No, data is never sold. It is also never used by any external companies.
Sometimes pharmaceutical companies conduct clinical trials in the NHS. These trials are very strictly regulated by the NHS. So the pharmaceutical companies know which parts of the NHS are best to work with for a particular trial, they sometimes ask: “How many patients in your service have disease X?” CRIS may be used to help answer these types of questions. The companies never get to see or use CRIS, and any work carried out to find patients who might be suitable for research will be carried out by approved NHS Trust users only.
CRIS works on an opt-out model. Data is de-identified and is anonymous when made available for research. However, patients always have the option to opt their record out from being included in CRIS. Details of how this works can be found on your local Trust website.
Federation relates to how the CRIS databases are set up. Data is not pooled and each Trust have their own CRIS database. At times NHS Trusts and their associates, may wish to work together on a project where having a larger amount of (de-identified) data can help provide a better understanding/comparison of how a treatment or intervention may be working for example.
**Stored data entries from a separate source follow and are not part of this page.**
(* Adding the two variational inequalities gives a sum of nonpositive terms, each
   of which is nonnegative by strict monotonicity of the edge costs. *)
Lemma WE_edge_flow_unique (w : 'I_m -> R) (f g : P -> R) :
  (forall s, 0 <= w s) -> 0 < \sum_(s < m) w s ->
  is_WE C w f -> is_WE C w g -> forall u v, edge_flow f u v = edge_flow g u v.
Proof.
move=> w0 wpos hf hg.
pose T (e : V * V) := (edge_flow f e.1 e.2 - edge_flow g e.1 e.2) *
   (mixed_cost w e (edge_flow f e.1 e.2) - mixed_cost w e (edge_flow g e.1 e.2)).
have hT : \sum_(e : V * V) T e <= 0.
  have -> : \sum_(e : V * V) T e =
      \sum_(p : P) (f p - g p) * exp_cost C w f p
    - \sum_(p : P) (f p - g p) * exp_cost C w g p.
    rewrite !sum_flow_exp_cost -sumrB.
    by apply: eq_bigr => e _; rewrite /T edge_flowB mulrBr.
  have := WE_variational_ineq hf hg.1; have := WE_variational_ineq hg hf.1.
  by rewrite !(eq_bigr _ (fun p _ => mulrBl (exp_cost C w _ p) (f p) (g p))) !sumrB; lra.
have hTe e : 0 <= T e /\ (T e = 0 -> edge_flow f e.1 e.2 = edge_flow g e.1 e.2).
  case: (boolP [exists p : P, e \in pedges p]) => [/existsP[p hp] | hex]; last first.
    by rewrite /T !edge_flow_unused // subrr mul0r.
  apply: strict_mono_gap_ge0; [exact: edge_flow_ge0 hf.1 | exact: edge_flow_ge0 hg.1 |].
  exact: mixed_cost_strict w0 wpos (pedges_adj hp).
have hT0 : \sum_(e : V * V) T e = 0.
  by apply/eqP; rewrite eq_le hT sumr_ge0 // => e _; case: (hTe e).
have hT0e := psumr_eq0P (fun e _ => (hTe e).1) hT0.
by move=> u v; apply: (hTe (u, v)).2; exact: hT0e.
Qed.

Lemma exp_cost_edge_flow_eq (w : 'I_m -> R) (f g : P -> R) (p : P) :
  (forall u v, edge_flow f u v = edge_flow g u v) -> exp_cost C w f p = exp_cost C w g p.
Proof. by move=> he; rewrite !exp_cost_edges; apply: eq_bigr => e _; rewrite he. Qed.

(* [f] has the same mean cost as [g] and never uses a path cheaper than that mean. *)
Lemma WE_edge_flow_eq (w : 'I_m -> R) (f g : P -> R) : feasible f ->
  (forall u v, edge_flow f u v = edge_flow g u v) -> is_WE C w g -> is_WE C w f.
Proof.
move=> [f0 f1] he hg; split => // p fp r.
rewrite !(exp_cost_edge_flow_eq w _ he).
set mu := \sum_(p : P) g p * exp_cost C w g p.
have hgap p' : 0 <= f p' * (exp_cost C w g p' - mu).
  by rewrite mulr_ge0 // subr_ge0 WE_mean_cost_le.
have hz : \sum_(p : P) f p * (exp_cost C w g p - mu) = 0.
  under eq_bigr => p' _ do rewrite mulrBr.
  rewrite sumrB -big_distrl /= f1 mul1r /mu !sum_flow_exp_cost.
  by rewrite (eq_bigr _ (fun e _ => congr1 (fun x => x * _) (he _ _))) subrr.
have /eqP := psumr_eq0P (fun p' _ => hgap p') hz (i := p) isT.
rewrite mulf_eq0 (gt_eqF fp) subr_eq0 => /eqP ->.
exact: WE_mean_cost_le.
Qed.

Lemma exp_cost_scale (w w' : 'I_m -> R) (k : R) (f : P -> R) (p : P) :
  (forall s, w s = k * w' s) -> exp_cost C w f p = k * exp_cost C w' f p.
Proof.
by move=> hw; rewrite /exp_cost big_distrr /=; apply: eq_bigr => s _; rewrite hw mulrA.
Qed.

Lemma WE_scale (w w' : 'I_m -> R) (k : R) (f : P -> R) :
  0 < k -> (forall s, w s = k * w' s) -> is_WE C w f -> is_WE C w' f.
Proof.
move=> k0 hw [hf hwe]; split => // p fp r.
by have := hwe p fp r; rewrite !(exp_cost_scale _ _ hw) ler_pM2l.
Qed.

Lemma WE_eq_weights (w w' : 'I_m -> R) (f : P -> R) :
  w =1 w' -> is_WE C w f -> is_WE C w' f.
Proof. by move=> hw; apply: (@WE_scale w w' 1) => // s; rewrite mul1r. Qed.

Lemma WE_of_common (w w' : 'I_m -> R) (f g : P -> R) :
  (forall s, 0 <= w s) -> 0 < \sum_(s < m) w s ->
  is_WE C w g -> is_WE C w' g -> is_WE C w f -> is_WE C w' f.
Proof.
move=> w0 wpos hg hg' hf.
exact: WE_edge_flow_eq hf.1 (WE_edge_flow_unique w0 wpos hf hg) hg'.
Qed.

Lemma state_dist_ge0 (s : 'I_m) : forall k, 0 <= state_dist R s k.
Proof. by move=> k; rewrite ler0n. Qed.

Lemma sum_state_dist (s : 'I_m) : \sum_(k < m) state_dist R s k = 1.
Proof. by under eq_bigr do rewrite -[state_dist _ _ _]mulr1; rewrite sum_delta. Qed.

Lemma WE_state_of_common (s s' : 'I_m) (f g : P -> R) :
  WE_state C s g -> WE_state C s' g -> WE_state C s f -> WE_state C s' f.
Proof. by apply: WE_of_common; [exact: state_dist_ge0 | rewrite sum_state_dist ltr01]. Qed.

End Equilibria.


Section Mixtures.
Variables (R : realType) (V : finType) (adj : rel V) (vo vd : V) (m : nat).
Variable C : 'I_m -> V -> V -> R -> R.
Hypothesis hC : valid_costs adj C.
Local Notation P := (Path adj vo vd).
Variables (j u : 'I_m).

Definition mix (t : R) : 'I_m -> R := fun s => (s == u)%:R * t + (s == j)%:R * (1 - t).

Lemma mix_ge0 (t : R) : 0 <= t <= 1 -> forall s, 0 <= mix t s.
Proof. by move=> /andP[t0 t1] s; rewrite addr_ge0 // mulr_ge0 // subr_ge0. Qed.

Lemma sum_mix (t : R) : \sum_(s < m) mix t s = 1.
Proof. by rewrite big_split /= !sum_delta subrKC. Qed.

Lemma mix_0 : mix 0 =1 state_dist R j.
Proof. by move=> s; rewrite /mix /state_dist mulr0 add0r subr0 mulr1. Qed.

Lemma mix_1 : mix 1 =1 state_dist R u.
Proof. by move=> s; rewrite /mix /state_dist subrr mulr0 addr0 mulr1. Qed.

Lemma exp_cost_mix (t : R) (f : P -> R) (p : P) :
  exp_cost C (mix t) f p = t * path_cost C u f p + (1 - t) * path_cost C j f p.
Proof.
rewrite /exp_cost; under eq_bigr => s _ do rewrite mulrDl -!mulrA.
by rewrite big_split /= !sum_delta.
Qed.

Lemma exp_cost_mix_gap (t : R) (f : P -> R) (p r : P) :
  exp_cost C (mix t) f p - exp_cost C (mix t) f r =
  t * ((path_cost C u f p - path_cost C u f r) - (path_cost C j f p - path_cost C j f r))
  + (path_cost C j f p - path_cost C j f r).
Proof. by rewrite !exp_cost_mix; ring. Qed.

Lemma WE_mix_convex (f : P -> R) (t1 t2 t : R) :
  is_WE C (mix t1) f -> is_WE C (mix t2) f -> t1 <= t -> t <= t2 -> is_WE C (mix t) f.
Proof.
move=> [hf h1] [_ h2] t1t tt2; split => // p fp r.
have e1 := h1 p fp r; have e2 := h2 p fp r.
rewrite -subr_le0 exp_cost_mix_gap in e1; rewrite -subr_le0 exp_cost_mix_gap in e2.
rewrite -subr_le0 exp_cost_mix_gap.
set a := (_ - _) - _ in e1 e2 *; set b := path_cost C j f p - _ in e1 e2 *.
case: (lerP 0 a) => ha.
- have : t * a <= t2 * a by apply: ler_wpM2r.
  lra.
- have : t * a <= t1 * a by rewrite ler_wnM2r // ltW.
  lra.
Qed.

Lemma not_WE_mix_open (f : P -> R) (t : R) : feasible f -> ~ is_WE C (mix t) f ->
  exists2 d : R, 0 < d & forall t', `|t' - t| < d -> ~ is_WE C (mix t') f.
Proof.
move=> hf nWE.
have [p [r [fp hgt]]] : exists p r, 0 < f p /\ exp_cost C (mix t) f r < exp_cost C (mix t) f p.
  apply: contrapT => hn; apply: nWE; split => // p fp r.
  by rewrite leNgt; apply/negP => hlt; apply: hn; exists p, r.
move: hgt; rewrite -subr_gt0 exp_cost_mix_gap.
set a := (_ - _) - _; set b := path_cost C j f p - _ => hg.
have ha1 : 0 < `|a| + 1 by rewrite ltr_wpDl.
exists ((t * a + b) / (`|a| + 1)); first by rewrite divr_gt0.
move=> t' hd [_ hWE]; have := hWE p fp r; rewrite -subr_le0 exp_cost_mix_gap -/a -/b.
move: hd; rewrite ltr_pdivlMr // => hd.
have hn1 : - (`|t' - t| * `|a|) <= (t' - t) * a.
  by rewrite -normrM lerNl -normrN ler_norm.
have hn2 : `|t' - t| * `|a| <= `|t' - t| * (`|a| + 1) by rewrite ler_wpM2l // lerDl.
have -> : t' * a + b = (t * a + b) + (t' - t) * a by ring.
lra.
Qed.

Lemma WE_mix_common (t t' : R) (f g : P -> R) : 0 <= t <= 1 ->
  is_WE C (mix t) g -> is_WE C (mix t) f -> is_WE C (mix t') g -> is_WE C (mix t') f.
Proof.
move=> ht hg hf hg'; apply: (WE_of_common hC (mix_ge0 ht) _ hg hg' hf).
by rewrite sum_mix ltr01.
Qed.

Lemma WE_state_iff_of_mix01 (g : P -> R) : is_WE C (mix 0) g -> is_WE C (mix 1) g ->
  forall f : P -> R, WE_state C j f <-> WE_state C u f.
Proof.
move=> /(WE_eq_weights mix_0) hj /(WE_eq_weights mix_1) hu f.
by split; [exact: (WE_state_of_common hC hj hu) | exact: (WE_state_of_common hC hu hj)].
Qed.

Lemma mix_rescale (a b : R) (s : 'I_m) : a + b != 0 ->
  (s == u)%:R * a + (s == j)%:R * b = (a + b) * mix (a / (a + b)) s.
Proof. by move=> hab; rewrite /mix; field. Qed.

Definition rigid_mix (p : R) : Prop := forall f : P -> R, is_WE C (mix p) f ->
  forall t, 0 <= t <= 1 -> is_WE C (mix t) f -> t = p.

(* Existence of equilibria is not assumed, whence the first alternative.  Otherwise,
   choosing an equilibrium [F x] of each [mix x], the sets [{t | F x is an equilibrium
   of mix t}] partition [[0, 1]] into closed intervals, because all equilibria of one
   mixture share their edge flows; a singleton class is a rigid mixture. *)
Lemma exists_rigid_mix :
  ~ (forall f : P -> R, WE_state C j f <-> WE_state C u f) ->
  exists2 p, 0 <= p <= 1 & (forall f : P -> R, ~ is_WE C (mix p) f) \/ (0 < p < 1 /\ rigid_mix p).
Proof.
move=> hne.
case: (pselect (exists2 p, 0 <= p <= 1 & forall f : P -> R, ~ is_WE C (mix p) f)).
  by case=> p hp hn; exists p => //; left.
move=> hex.
have hF t : exists f : P -> R, 0 <= t <= 1 -> is_WE C (mix t) f.
  case: (pselect (0 <= t <= 1)) => ht; last by exists (fun _ => 0).
  by apply: contrapT => hn; apply: hex; exists t => // f hf; apply: hn; exists f.
have [F hFt] := choice hF.
pose K (x t : R) := 0 <= t <= 1 /\ is_WE C (mix t) (F x).
have K_sub01 x t : K x t -> 0 <= t <= 1 by case.
have K_refl x : 0 <= x <= 1 -> K x x by move=> hx; split => //; apply: hFt.
have K_convex x t1 t2 t : K x t1 -> K x t2 -> t1 <= t -> t <= t2 -> K x t.
  move=> [/andP[? ?] h1] [/andP[? ?] h2] ? ?; split; last exact: WE_mix_convex h1 h2 _ _.
  by apply/andP; split; lra.
have K_closed x t : 0 <= x <= 1 -> 0 <= t <= 1 -> ~ K x t ->
    exists2 d : R, 0 < d & forall t', 0 <= t' <= 1 -> `|t' - t| < d -> ~ K x t'.
  move=> hx ht nK; have nWE : ~ is_WE C (mix t) (F x) by move=> hWE; apply: nK.
  have [d d0 hd] := not_WE_mix_open (hFt x hx).1 nWE.
  by exists d => // t' _ /hd ? [].
have K_eq x t t' : 0 <= x <= 1 -> K x t -> (K t t' <-> K x t').
  move=> hx [ht hWE]; have hWt := hFt t ht.
  by split=> -[ht' hWE']; split => //;
    [exact: WE_mix_common ht hWt hWE hWE' | exact: WE_mix_common ht hWE hWt hWE'].
have K_0_1 : ~ K 0 1.
  have h0 : 0 <= (0 : R) <= 1 by rewrite lexx ler01.
  by case=> _ /(WE_state_iff_of_mix01 (hFt 0 h0)) /hne.
have [p /andP[p0 p1] hp] := exists_singleton_class K_sub01 K_refl K_convex K_closed K_eq K_0_1.
have hp01 : 0 <= p <= 1 by apply/andP; split; apply: ltW.
exists p => //; right; split => [|f hf t ht hWE]; first by apply/andP.
by apply: hp; split => //; exact: WE_mix_common hp01 hf (hFt p hp01) hWE.
Qed.
(* Z^*(q): a fixed vertex (None) with q-1 further vertices (Some i) mapping
   to it, which have no preimages. *)
Definition Zstar (q : nat) : fgraph :=
  @FGraph (option 'I_q.-1) (fun _ => None).

Lemma half_ord_lt n (v : 'I_n) : v./2 < n.
Proof.
apply: leq_ltn_trans (ltn_ord v).
rewrite leq_half_double; apply: leq_trans (leq_addr v v) _; by rewrite addnn leqnSn.
Qed.

(* The tree T(m) encoded heap-style on {0,...,2^m - 1}: 0 is the root P,
   1 is P_1, and the two vertices attached to vertex v >= 1 are 2v and 2v+1.
   Every non-root vertex v points to v/2 (so 1 -> 0).  Level j >= 1 is
   [2^(j-1), 2^j).  The parent map on the root is irrelevant and is
   overridden in cyc_tree below. *)
Definition tree_parent (m : nat) (v : 'I_(2 ^ m)) : 'I_(2 ^ m) :=
  Ordinal (half_ord_lt v).

(* (Cyc(n), T(m)): vertices (i, v), i the cycle position, v a vertex of the
   i-th copy of T(m); the roots (i, 0) form the cycle (i,0) -> (i+1 mod n, 0),
   other vertices point to their parent in the tree. *)
Definition cyc_tree (n m : nat) : fgraph :=
  @FGraph ('I_n * 'I_(2 ^ m))%type
    (fun p => if val p.2 == 0 then (ordS p.1, p.2) else (p.1, tree_parent p.2)).

(* Multiplicative order ord_m(a): least k >= 1 with a^k = 1 (mod m).
   (Searched within 1..m, which suffices whenever gcd(a,m) = 1, as
   ord_m(a) <= phi(m) <= m; gives ord_1(2) = 1.) *)
Definition mult_order (m a : nat) : nat :=
  (find (fun k => a ^ k.+1 == 1 %[mod m]) (iota 0 m)).+1.

Definition divisor_idx (r : nat) := {d : 'I_r.+1 | (val d) %| r}.

(* Let Tr x = x^q + x be the trace of F_(q^2) over F_q = {x | x^q = x}. Then
   f x = c Tr(x) x and Tr (f x) = c Tr(x)^2, so the kernel of Tr, which has q
   elements, is an invariant set mapped onto 0: this is Z*(q). On its
   complement, x |-> (x / Tr x, c Tr x) conjugates f to the identity times
   squaring on {y | Tr y = 1} x F_q^*, that is to q copies of squaring on
   F_q^*. Through a primitive root this is doubling on Z/(q-1), which is
   doubling on Z/r times doubling on Z/2^s. Reversing binary digits turns
   doubling on Z/2^s into the parent map of the tree T(s), while doubling on
   Z/r permutes the phi(d) residues of additive order d in cycles of length
   ord_d(2). *)

From HB Require Import structures.
From mathcomp Require Import all_boot all_order all_algebra all_field.
From mathcomp Require Import cyclic perm zify ring.
Import GRing.Theory.
Set Implicit Arguments. Unset Strict Implicit. Unset Printing Implicit Defensive.
(* Let $n\ge1$, $f\in OSym_{n-1}$, $m\ge0$ and $1\le k\le n$. Then in the $ONH_n$-supermodule $OPol_n$, $$\tau_{k-1}\cdots\tau_1x_1^{m+k-1}\cdot\sigma_1(f)=\sum_{i=0}^{k-1}\sigma_i\big(h^{(k-i)}_{m+i}\big)\,\tau_i\cdots\tau_1\cdot\sigma_1(f),$$ where for $i=0$ the product $\tau_i\cdots\tau_1$ is interpreted as $1$.
   Context: $\Bbbk$ is a field of characteristic $\neq2$. $OPol_N$: graded superalgebra generated by odd degree-2 $x_1,\dots,x_N$ with $x_jx_i=-x_ix_j$ ($i\neq j$); $OPol_M\subseteq OPol_N$ for $M\le N$. $OSym_N\subseteq OPol_N$ is the subalgebra generated by $e^{(N)}_r:=\sum_{1\le i_1<\cdots<i_r\le N}x_{i_1}\cdots x_{i_r}$. $h^{(N)}_r:=\sum_{N\ge i_r\ge\cdots\ge i_1\ge1}x_{i_r}\cdots x_{i_1}$. $\sigma_i:OPol_{N}\to OPol_{N+i}$ is $x_j\mapsto x_{j+i}$. The odd nil-Hecke algebra $ONH_n$ is the graded superalgebra generated by odd elements $x_1,\dots,x_n$ (degree 2) and $\tau_1,\dots,\tau_{n-1}$ (degree $-2$) subject to: $x_ix_j=-x_jx_i$ ($i\ne j$); $\tau_i\tau_j=-\tau_j\tau_i$ ($|i-j|>1$); $x_i\tau_j=-\tau_jx_i$ ($i\ne j,j+1$); $\tau_j^2=0$; $\tau_j\tau_{j+1}\tau_j=-\tau_{j+1}\tau_j\tau_{j+1}$; $x_i\tau_i-\tau_ix_{i+1}=1=\tau_ix_i-x_{i+1}\tau_i$. It acts on $OPol_n$ with $x_i$ acting by left multiplication and $\tau_j$ acting by the odd Demazure operator $\partial_j$: the unique odd linear map with $\partial_j(x_i)=\delta_{i,j}-\delta_{i,j+1}$ and $\partial_j(fg)=\partial_j(f)g+({}^{s_j}f)\partial_j(g)$, where ${}^{s_j}$ is the superalgebra automorphism with $x_j\mapsto x_{j+1}$, $x_{j+1}\mapsto x_j$, $x_i\mapsto -x_i$ otherwise. *)

From HB Require Import structures.
From mathcomp Require Import all_boot all_order all_algebra.
From mathcomp Require Import mpoly.
Set Implicit Arguments. Unset Strict Implicit. Unset Printing Implicit Defensive.
Import Order.TTheory GRing.Theory Num.Theory.
Local Open Scope ring_scope.

(* OPol_n is modelled on the k-vector space {mpoly R[n]}: the monomial
   'X_[a] stands for the ordered product x_1^{a_1} x_2^{a_2} ... x_n^{a_n}
   (variables are 0-based: paper's x_{j+1} is index j). *)

Section OPol.
Variables (R : fieldType) (n : nat).
Notation OP := {mpoly R[n]}.

(* sign exponent for x^a * x^b = (-1)^(osgn a b) x^(a+b):
   moving x_j^{b_j} left past x_i^{a_i} with j < i *)
Definition osgn (a b : 'X_{1..n}) : nat :=
  \sum_(i < n) \sum_(j < n | (j < i)%N) (a i * b j)%N.

Definition omul (p q : OP) : OP :=
  \sum_(a <- msupp p) \sum_(b <- msupp q)
     (((-1) ^+ osgn a b * p@_a * q@_b) *: 'X_[a + b]).

Definition opow (p : OP) (r : nat) : OP := iter r (omul p) 1.

(* the generator x_{j+1} (0-based index j); 0 if out of range *)
Definition ox (j : nat) : OP := if insub j is Some i then 'X_i else 0.

(* algebra map determined by images g l of the generators x_l,
   applied to basis monomials written as ordered products *)
Definition oalgmap (g : nat -> OP) (p : OP) : OP :=
  \sum_(a <- msupp p) (p@_a *: \big[omul/1]_(l < n) opow (g l) (a l)).

Definition oshift (i : nat) (p : OP) : OP := oalgmap (fun l => ox (l + i)) p.

(* the superalgebra automorphism s_j (0-based j, paper's s_{j+1}):
   x_j <-> x_{j+1}, x_l |-> - x_l otherwise *)
Definition osref (j : nat) (p : OP) : OP :=
  oalgmap (fun l => if l == j then ox j.+1
                    else if l == j.+1 then ox j else - ox l) p.

Definition oe (N r : nat) : OP :=
  \sum_(t : r.-tuple 'I_n | sorted ltn (map val t) && all (fun i => i < N)%N (map val t))
     \big[omul/1]_(i <- t) 'X_i.

Definition oh (N r : nat) : OP :=
  \sum_(t : r.-tuple 'I_n | sorted leq (map val t) && all (fun i => i < N)%N (map val t))
     \big[omul/1]_(i <- rev t) 'X_i.

(* OSym_N (viewed inside OPol_n): the subalgebra generated by the e^{(N)}_r *)
Inductive in_OSym (N : nat) : OP -> Prop :=
  | OSym_one : in_OSym N 1
  | OSym_e r : in_OSym N (oe N r)
  | OSym_add p q : in_OSym N p -> in_OSym N q -> in_OSym N (p + q)
  | OSym_scale (c : R) p : in_OSym N p -> in_OSym N (c *: p)
  | OSym_mul p q : in_OSym N p -> in_OSym N q -> in_OSym N (omul p q).

(* d j is the odd Demazure operator partial_{j+1} (0-based j, j + 1 < n):
   the odd linear map with partial(x_i) = delta_{i,j} - delta_{i,j+1} and
   partial(f g) = partial(f) g + (s_j f) partial(g). *)
Definition is_odd_demazure (d : nat -> OP -> OP) : Prop :=
  forall j, (j.+1 < n)%N ->
    [/\ forall (c : R) (p q : OP), d j (c *: p + q) = c *: d j p + d j q,
        forall i, (i < n)%N -> d j (ox i) = (i == j)%:R - (i == j.+1)%:R
      & forall p q : OP, d j (omul p q) = omul (d j p) q + omul (osref j p) (d j q)].

Fixpoint otaus (d : nat -> OP -> OP) (i : nat) (p : OP) : OP :=
  if i is i'.+1 then d i' (otaus d i' p) else p.

End OPol.

From HB Require Import structures.
From mathcomp Require Import all_boot all_order all_algebra.
From mathcomp Require Import mpoly ssrcomplements.
From mathcomp Require Import zify ring.
Set Implicit Arguments. Unset Strict Implicit. Unset Printing Implicit Defensive.
Import Order.TTheory GRing.Theory Num.Theory.
Local Open Scope ring_scope.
Following a review and approval process the member Trusts wishing to work together can sanction a federated search project. This would allow an authorised researcher to run a query against their own instance of CRIS and the other Trust(s) CRIS database who agreed to work together. This can help add numbers to research projects, which makes findings more reliable and more representative. The national governance group oversee and the terms for using federated search and these are captured in the UK-CRIS Data Sharing Agreement (DSA) for Federated Search.
The DSA has been drafted and ratified by all member Trusts, input from the national governance group was sought during the drafting stage. The DSA reflects and accounts for any new requirements set out by the General Data Protection Regulation and Data Protection Act 2018, it has also been drafted in accordance with the Information Commissioner’s Office’s ‘Data Sharing Code of Practice’. It clearly defines the scope and propose of any proposed sharing, of de-identified data, between Trusts, it also sets out each Trust’s roles and responsibilities to each other when it comes to sharing de-identified data.
CRIS has been reviewed and approved internally by each member Trust and has also undergone an external review by the Health Research Authority, the Confidentiality Advisory Group and several ethics boards. A Data Protection Impact Assessment (DPIA) has been completed by the UK-CRIS team in addition to each Trust completing one of their own, externally Kaleidoscope Consultants carried out a Privacy Impact Assessment.